The new changes brought about in the education system, the gadget savvy kids, the unprincipled lifestyle of both the young and the old, open flouting of rules and regulations, uncontrolled pampering of kids by parents who very seriously adopted the two child norm set by the government – all these and many more were the reasons cited for the decline seen in the academic performance of students. I have heard teachers from different places voice the same concern – ‘Why isn’t the breed of teachers in this era able to instil in the students the love of learning? Is it because the distractions are many?
A recent survey of young ones from different strata of society revealed that while interacting with others, basic manners were tossed to the wind by the young ones. The words they use, the tone in which they speak and to top it all their decision to refuse to respond to our queries immediately as they have other important work on their gadgets are some of the traits commonly noted. A mother’s outburst went to the extent of saying that even if she is breathing her last, she cannot count on her offspring to jump up and resuscitate her on time. The reason for this is not because they lag behind in their responsibilities but the fact that they remain oblivious to all that is happening near them. With their devices plugged into their ears all the time, how can a parent expect them to reach out in time?
Once while driving through a new city, I was wondering how to locate my destination. It was then that I remembered my cousin’s advice, which was, ‘just open your mouth and ask others.’ These days if a person guides us by saying – go straight, take a left, then right, walk a furlong, then take a second turn to the left……there is only a miniscule chance that we will remember it but there was a time when technology did not assist us and these directions were considered the best. Children are unable to get out of their online conversations that keep them engaged all through. Due to this fact they shirk the opportunity to go up and ask someone for help. Their immediate elders still expect verbal conversation and complete all that is needed to be done without procrastination.
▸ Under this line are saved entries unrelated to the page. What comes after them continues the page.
(* Split the N^K query options into the N "cheap" ones (cost N - 1) and the
   "expensive" ones (cost N).  A probability vector is feasible exactly when
   it is nonnegative, the cheap block has mass 1 - (N-1)(D-1) and the other
   block has mass (N-1)(D-1) ([feasibleE]); [pstar] spreads each block
   uniformly, with values [pcheap >= pdear >= 0], the inequality
   [pcheap >= N^-K] being the constraint D <= 1/C ([pcheap_ge_unif]).

   (i) For finite order a, the divergence is an increasing function of
   [sum_m phi (p_m)] with phi(x) = x ln (x / u) (a = 1) or x^a / (a - 1)
   (a <> 1).  These phi have strict supporting lines at every positive point,
   so Jensen's inequality on each block ([block_jensen]) makes [pstar] the
   unique minimizer.
   (ii) For a = oo, some cheap option has mass at least the block mean
   [pcheap], so the divergence is at least ln (pcheap N^K), with equality
   exactly when no option exceeds [pcheap]; on the cheap block this forces
   equality with [pcheap] ([block_eq_mean_of_le]). *)

Definition strict_support {R : realType} (phi : R -> R) (c : R) : Prop :=
  exists k, forall y, 0 <= y -> y != c -> phi c + k * (y - c) < phi y.

Section StrictSupportLines.
Context {R : realType}.

Lemma ln_lt_subr1 (y : R) : 0 < y -> y != 1 -> ln y < y - 1.
Proof.
move=> y_gt0 y_neq1.
have ln_neq0 : ln y != 0 by rewrite ln_eq0.
by have := expR_gt1Dx ln_neq0; rewrite lnK ?posrE //; lra.
Qed.

(* Strict concavity of [z `^ a] for [0 < a < 1] (weighted AM-GM): the graph
   lies strictly below its tangent at [z = 1].  Writing [z = expR l] and
   [t = a * l], this follows from [1 + x < expR x] at [x = l - t] and [x = -t]. *)
Lemma powR_lt_tangent (a z : R) : 0 < a -> a < 1 -> 0 <= z -> z != 1 ->
  z `^ a < 1 + a * (z - 1).
Proof.
move=> a_gt0 a_lt1 z_ge0 z_neq1.
have [->|z_neq0] := eqVneq z 0; first by rewrite powR0 ?gt_eqF //; lra.
have z_gt0 : 0 < z by rewrite lt_def z_neq0.
have l_neq0 : ln z != 0 by rewrite ln_eq0.
rewrite /powR gt_eqF //.
set l := ln z; set t := a * l.
have ez : z = expR t * expR (l - t) by rewrite -expRD addrC subrK lnK ?posrE.
have e1 : 1 = expR t * expR (- t) by rewrite -expRD subrr expR0.
have lt1 : 1 + (l - t) < expR (l - t).
  apply: expR_gt1Dx; rewrite /t -{1}[l]mul1r -mulrBl mulf_neq0 //.
  by rewrite subr_eq0 eq_sym lt_eqF.
have lt2 : 1 + - t < expR (- t).
  by apply: expR_gt1Dx; rewrite oppr_eq0 mulf_neq0 // gt_eqF.
have et_gt0 := expR_gt0 t.
have k1 : a * expR t * (1 + (l - t)) < a * expR t * expR (l - t).
  by rewrite ltr_pM2l // mulr_gt0.
have k2 : (1 - a) * expR t * (1 - t) < (1 - a) * expR t * expR (- t).
  by rewrite ltr_pM2l // mulr_gt0 // subr_gt0.
have e2 : a * expR t * expR (l - t) = a * z by rewrite -mulrA -ez.
have e3 : (1 - a) * expR t * expR (- t) = 1 - a by rewrite -mulrA -e1 mulr1.
have k3 : a * expR t * (1 + (l - t)) + (1 - a) * expR t * (1 - t) = expR t.
  by rewrite /t; ring.
lra.
Qed.

(* Strict convexity of [z `^ a] for [1 < a] (Bernoulli's inequality),
   obtained from the concave case with exponent [a^-1] applied to [z `^ a]. *)
Lemma powR_gt_tangent (a z : R) : 1 < a -> 0 <= z -> z != 1 ->
  1 + a * (z - 1) < z `^ a.
Proof.
move=> a_gt1 z_ge0 z_neq1.
have a_gt0 : 0 < a by lra.
have w_ge0 : 0 <= z `^ a := powR_ge0 z a.
have wK : (z `^ a) `^ a^-1 = z by rewrite -powRrM mulfV ?gt_eqF // powRr1.
have w_neq1 : z `^ a != 1.
  by apply: contra z_neq1 => /eqP w1; rewrite -wK w1 powR1.
have ai_gt0 : 0 < a^-1 by rewrite invr_gt0.
have ai_lt1 : a^-1 < 1 by rewrite invf_lt1.
have := powR_lt_tangent _ _ ai_gt0 ai_lt1 w_ge0 w_neq1; rewrite wK => lt.
have : a * z < a * (1 + a^-1 * (z `^ a - 1)) by rewrite ltr_pM2l.
by rewrite mulrDr mulrA mulfV ?gt_eqF //; lra.
Qed.

(* Both cases at once: [x `^ a / (a - 1)] is strictly convex for [a != 1];
   its supporting line at [c] is the tangent inequality at 1, rescaled by [c]. *)
Lemma support_powR (a c : R) : 0 < a -> a != 1 -> 0 < c ->
  strict_support (fun x => x `^ a / (a - 1)) c.
Proof.
move=> a_gt0 a_neq1 c_gt0.
have ca_gt0 : 0 < c `^ a := powR_gt0 a c_gt0.
exists (a * c `^ a / c / (a - 1)) => y y_ge0 y_neq_c.
have yE : y = c * (y / c) by rewrite mulrC divfK ?gt_eqF.
have z_ge0 : 0 <= y / c by rewrite divr_ge0 // ltW.
have z_neq1 : y / c != 1.
  by apply: contra y_neq_c => /eqP z1; rewrite yE z1 mulr1.
rewrite [in y `^ a]yE powRM ?(ltW c_gt0) //.
set z := y / c in yE z_ge0 z_neq1 *.
rewrite yE.
have -> : c `^ a / (a - 1) + a * c `^ a / c / (a - 1) * (c * z - c)
    = c `^ a * (1 + a * (z - 1)) / (a - 1).
  by field; rewrite subr_eq0 a_neq1 gt_eqF.
have [a_lt1|a_gt1|a_eq1] := ltgtP a 1; last by rewrite a_eq1 eqxx in a_neq1.
- rewrite ltr_nM2r ?invr_lt0 ?subr_lt0 // ltr_pM2l //.
  exact: powR_lt_tangent.
- rewrite ltr_pM2r ?invr_gt0 ?subr_gt0 // ltr_pM2l //.
  exact: powR_gt_tangent.
Qed.

Lemma support_xlnx (u c : R) : 0 < u -> 0 < c ->
  strict_support (fun x => if x == 0 then 0 else x * ln (x / u)) c.
Proof.
move=> u_gt0 c_gt0; exists (ln (c / u) + 1) => y y_ge0 y_neq_c.
rewrite (gt_eqF c_gt0).
have [->|y_neq0] := eqVneq y 0; first by nra.
have y_gt0 : 0 < y by rewrite lt_def y_neq0.
have lnE : ln (y / u) = ln (c / u) - ln (c / y).
  rewrite -lnV ?posrE ?divr_gt0 // invf_div -lnM ?posrE ?divr_gt0 //.
  by congr ln; field; rewrite !gt_eqF.
have cy_neq1 : c / y != 1.
  by apply: contra y_neq_c => /eqP cy1; rewrite -[c](divfK y_neq0) cy1 mul1r.
have : y * ln (c / y) < y * (c / y - 1).
  by rewrite ltr_pM2l // ln_lt_subr1 ?divr_gt0.
rewrite mulrBr mulrCA divff // mulr1 lnE.
nra.
Qed.

End StrictSupportLines.

Section BlockAverages.
Context {R : realType} {n : nat} {A : pred 'I_n} {x : 'I_n -> R} {c : R}.

Lemma block_exists_ge_mean : (exists m, A m) ->
  \sum_(m < n | A m) (x m - c) = 0 -> exists2 m, A m & c <= x m.
Proof.
move=> [j Aj] mean_c.
case: (boolP [exists m, A m && (c <= x m)]) => [/existsP[m /andP[Am le]]|].
  by exists m.
move=> /existsPn none.
have lt_c m : A m -> x m < c by move=> Am; move: (none m); rewrite Am -ltNge.
have : 0 < \sum_(m < n | A m) (c - x m).
  rewrite (bigD1 j) //= ltr_pwDl ?subr_gt0 ?lt_c //.
  by apply: sumr_ge0 => m /andP[Am _]; rewrite subr_ge0 ltW ?lt_c.
by under eq_bigr => m _ do rewrite -opprB; rewrite sumrN mean_c oppr0 ltxx.
Qed.

Lemma block_eq_mean_of_le : (forall m, A m -> x m <= c) ->
  \sum_(m < n | A m) (x m - c) = 0 -> forall m, A m -> x m = c.
Proof.
move=> le_c mean_c m Am; apply/eqP; rewrite -subr_eq0 -oppr_eq0 opprB.
apply/eqP; apply: (@psumr_eq0P _ _ A (fun i => c - x i) _ _ m Am) => [i Ai|].
  by rewrite subr_ge0 le_c.
by under eq_bigr => i _ do rewrite -opprB; rewrite sumrN mean_c oppr0.
Qed.

Lemma block_jensen (phi : R -> R) : 0 <= c -> (forall m, A m -> 0 <= x m) ->
  \sum_(m < n | A m) (x m - c) = 0 -> (0 < c -> strict_support phi c) ->
  \sum_(m < n | A m) phi c <= \sum_(m < n | A m) phi (x m) /\
  ((exists2 m, A m & x m != c) ->
     \sum_(m < n | A m) phi c < \sum_(m < n | A m) phi (x m)).
Proof.
move=> c_ge0 x_ge0 mean_c support.
have [c0|c_neq0] := eqVneq c 0.
  have x0 m : A m -> x m = c.
    move=> Am; rewrite c0; apply: (@psumr_eq0P _ _ A x _ _ m Am) => [i Ai|].
      by rewrite x_ge0.
    by rewrite -[RHS]mean_c; apply: eq_bigr => i _; rewrite c0 subr0.
  have -> : \sum_(m < n | A m) phi (x m) = \sum_(m < n | A m) phi c.
    by apply: eq_bigr => m Am; rewrite x0.
  by split=> // -[m Am]; rewrite x0 ?eqxx.
have [k above] : strict_support phi c by apply: support; rewrite lt_def c_neq0.
have le_phi m : A m -> phi c + k * (x m - c) <= phi (x m).
  move=> Am; have [->|x_neq_c] := eqVneq (x m) c.
    by rewrite subrr mulr0 addr0.
  by rewrite ltW // above // x_ge0.
have tangent_sum : \sum_(m < n | A m) (phi c + k * (x m - c)) =
    \sum_(m < n | A m) phi c.
  by rewrite big_split /= -mulr_sumr mean_c mulr0 addr0.
rewrite -tangent_sum; split; first exact: ler_sum.
move=> [j Aj x_neq_c]; rewrite (bigD1 j) //= [X in _ < X](bigD1 j) //=.
rewrite ltr_leD ?above ?x_ge0 //.
by apply: ler_sum => m /andP[Am _]; apply: le_phi.
Qed.

End BlockAverages.

Lemma sum_const_ltn {R : realType} (n k : nat) (c : R) : (k <= n)%N ->
  \sum_(m < n | (m < k)%N) c = k%:R * c.
Proof.
move=> le_kn.
by rewrite -(big_ord_widen n (fun=> c) le_kn) sumr_const card_ord mulr_natl.
Qed.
Most parents will agree with me that now-a-days the children do not know how to disagree without getting mad, they do not make eye contact while speaking to others, they are unaware of the fact that some of the words they use in common parlance might hurt or put down others. The child perhaps hasn’t heard what’s okay and what’s not okay when it comes to expressing feelings. It is a known fact that excessive media use can lead to attention problems, sleep and eating disorders, obesity etc. Some of the things that need urgent attention are taming impulsivity, learning to wait for their turn, not to cut in the line, not to call out in a class discussion and developing the capacity to feel happy and be empathetic towards others.
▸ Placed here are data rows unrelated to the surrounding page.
(* For every normed BPA system $\mathcal{G}=(V,\mathit{Act},\mathcal{R})$ (with $V$ linearly ordered) and all $\alpha,\beta\in V^*$: $\mathcal{T}^\mathcal{G}(\alpha)=\mathcal{T}^\mathcal{G}(\beta)$ if and only if $\alpha\sim\beta$ in $\mathcal{L}_\mathcal{G}$.
   Context: BPA system $\mathcal{G}=(V,\mathit{Act},\mathcal{R})$: finite variables $V$, finite actions (possibly with silent $\tau$), rules $A\xrightarrow{a}\alpha$; LTS $\mathcal{L}_\mathcal{G}$ on $V^*$ with $A\beta\xrightarrow{a}\alpha\beta$ for rules $A\xrightarrow{a}\alpha$. Normed: each variable can reach $\varepsilon$. $\sim$: branching bisimilarity in $\mathcal{L}_\mathcal{G}$ (largest relation $\mathcal{B}$ such that for $(s,t)\in\mathcal{B}$ each move $s\xrightarrow{a}s'$ is matched by $a=\tau,(s',t)\in\mathcal{B}$, or by $t=t_0\xrightarrow{\tau}\cdots\xrightarrow{\tau}t_k\xrightarrow{a}t'$ with $(s',t')\in\mathcal{B}$ and $(s,t_i)\in\mathcal{B}$ for $i\in[1,k]$; and symmetrically). Transducers read right to left: $q'\xleftarrow{A/\gamma}q$ means $\Delta(q,A)=(q',\gamma)$, extended to strings by $q\xleftarrow{\varepsilon/\varepsilon}q$ and composition ($q'\xleftarrow{A/\gamma}q$, $q''\xleftarrow{\alpha/\beta}q'$ give $q''\xleftarrow{\alpha A/\beta\gamma}q$); $\mathcal{T}_q(\alpha)$ is the output from $q$ on $\alpha$, $\mathcal{T}(\alpha)=\mathcal{T}_{q_0}(\alpha)$. Canonical transducer: $R_\gamma=\{X\in V\mid X\gamma\sim\gamma\}$; prefix $\alpha$ of $\alpha\gamma$ is redundancy-free if not of the form $\delta X\beta$ with $X\beta\gamma\sim\beta\gamma$; $\alpha$ lexicographically smaller than $\beta$ if $\alpha$ is a proper suffix of $\beta$ or $\alpha=\alpha'A\gamma,\beta=\beta'B\gamma$ with $A<B$. $\mathcal{T}^\mathcal{G}=(Q,V,\Delta,q_0)$: $Q=\{R_\gamma\mid\gamma\in V^*\}$, $q_0=R_\varepsilon$, $\Delta(R_\gamma,A)=(R_{A\gamma},\alpha)$ where $\alpha$ is lexicographically smallest among the longest strings with $\alpha\gamma\sim A\gamma$ and $\alpha$ a redundancy-free prefix of $\alpha\gamma$ (well defined, depends only on $R_\gamma$). *)

From HB Require Import structures.
From mathcomp Require Import all_boot all_order.
From Stdlib Require Import Relations ClassicalEpsilon.
Set Implicit Arguments. Unset Strict Implicit. Unset Printing Implicit Defensive.
Import Order.TTheory.

Section BPA.
Variables (d : Order.disp_t) (V : finOrderType d) (Act : finType).

(* A BPA system: finite set of rules A --a--> alpha; the action [None] is the
   silent action tau, [Some a] a visible action. *)
Definition rules := seq (V * option Act * seq V).

Variable R : rules.

Definition step (s : seq V) (a : option Act) (t : seq V) : Prop :=
  exists (A : V) (beta alpha : seq V),
    s = A :: beta /\ (A, a, alpha) \in R /\ t = alpha ++ beta.

Definition reach : relation (seq V) :=
  clos_refl_trans (seq V) (fun u v => exists a, step u a v).

Definition normed : Prop := forall A : V, reach [:: A] [::].

Definition transfer (B : seq V -> seq V -> Prop) (s t : seq V) : Prop :=
  forall a s', step s a s' ->
    (a = None /\ B s' t) \/
    exists tk t', clos_refl_trans (seq V)
                    (fun u v => step u None v /\ B s v) t tk
                  /\ step tk a t' /\ B s' t'.

Definition branching_bisimulation (B : seq V -> seq V -> Prop) : Prop :=
  forall s t, B s t -> transfer B s t /\ transfer (fun x y => B y x) t s.

Definition bbisim (s t : seq V) : Prop :=
  exists B, branching_bisimulation B /\ B s t.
Our children are so immersed in the media and the tech-gadgets through their formative years that they have lost that protected time for reflection and conversation with parents and family. Instead they are watching handheld screens, circulating pictures, texting or e-mailing their friends etc. The debriefing time after school, over a snack with mom and dad or with a teacher, caretaker or someone else at home is grossly missing. Dinnertime used to be the time when thoughts about the day were analysed and assessed through discussions with other family members. The effect of bedtime reading and rituals offer a quiet time for reflection and an opportunity to bring the events of the day to a peaceful conclusion. All this was available in plenty in the pre-digital age.
The voices of parents help to balance a child’s innermost sense of himself. Their optimistic encouragements help the child feel strong internally. They help the young ones to handle tough situations, know what is right and wrong be a good friend, and take good care of themselves. Is the technology mediated environment an adequate substitute for the human one? Future belongs to those who refrain from being a slave of gadgets and overcome their constant temptation.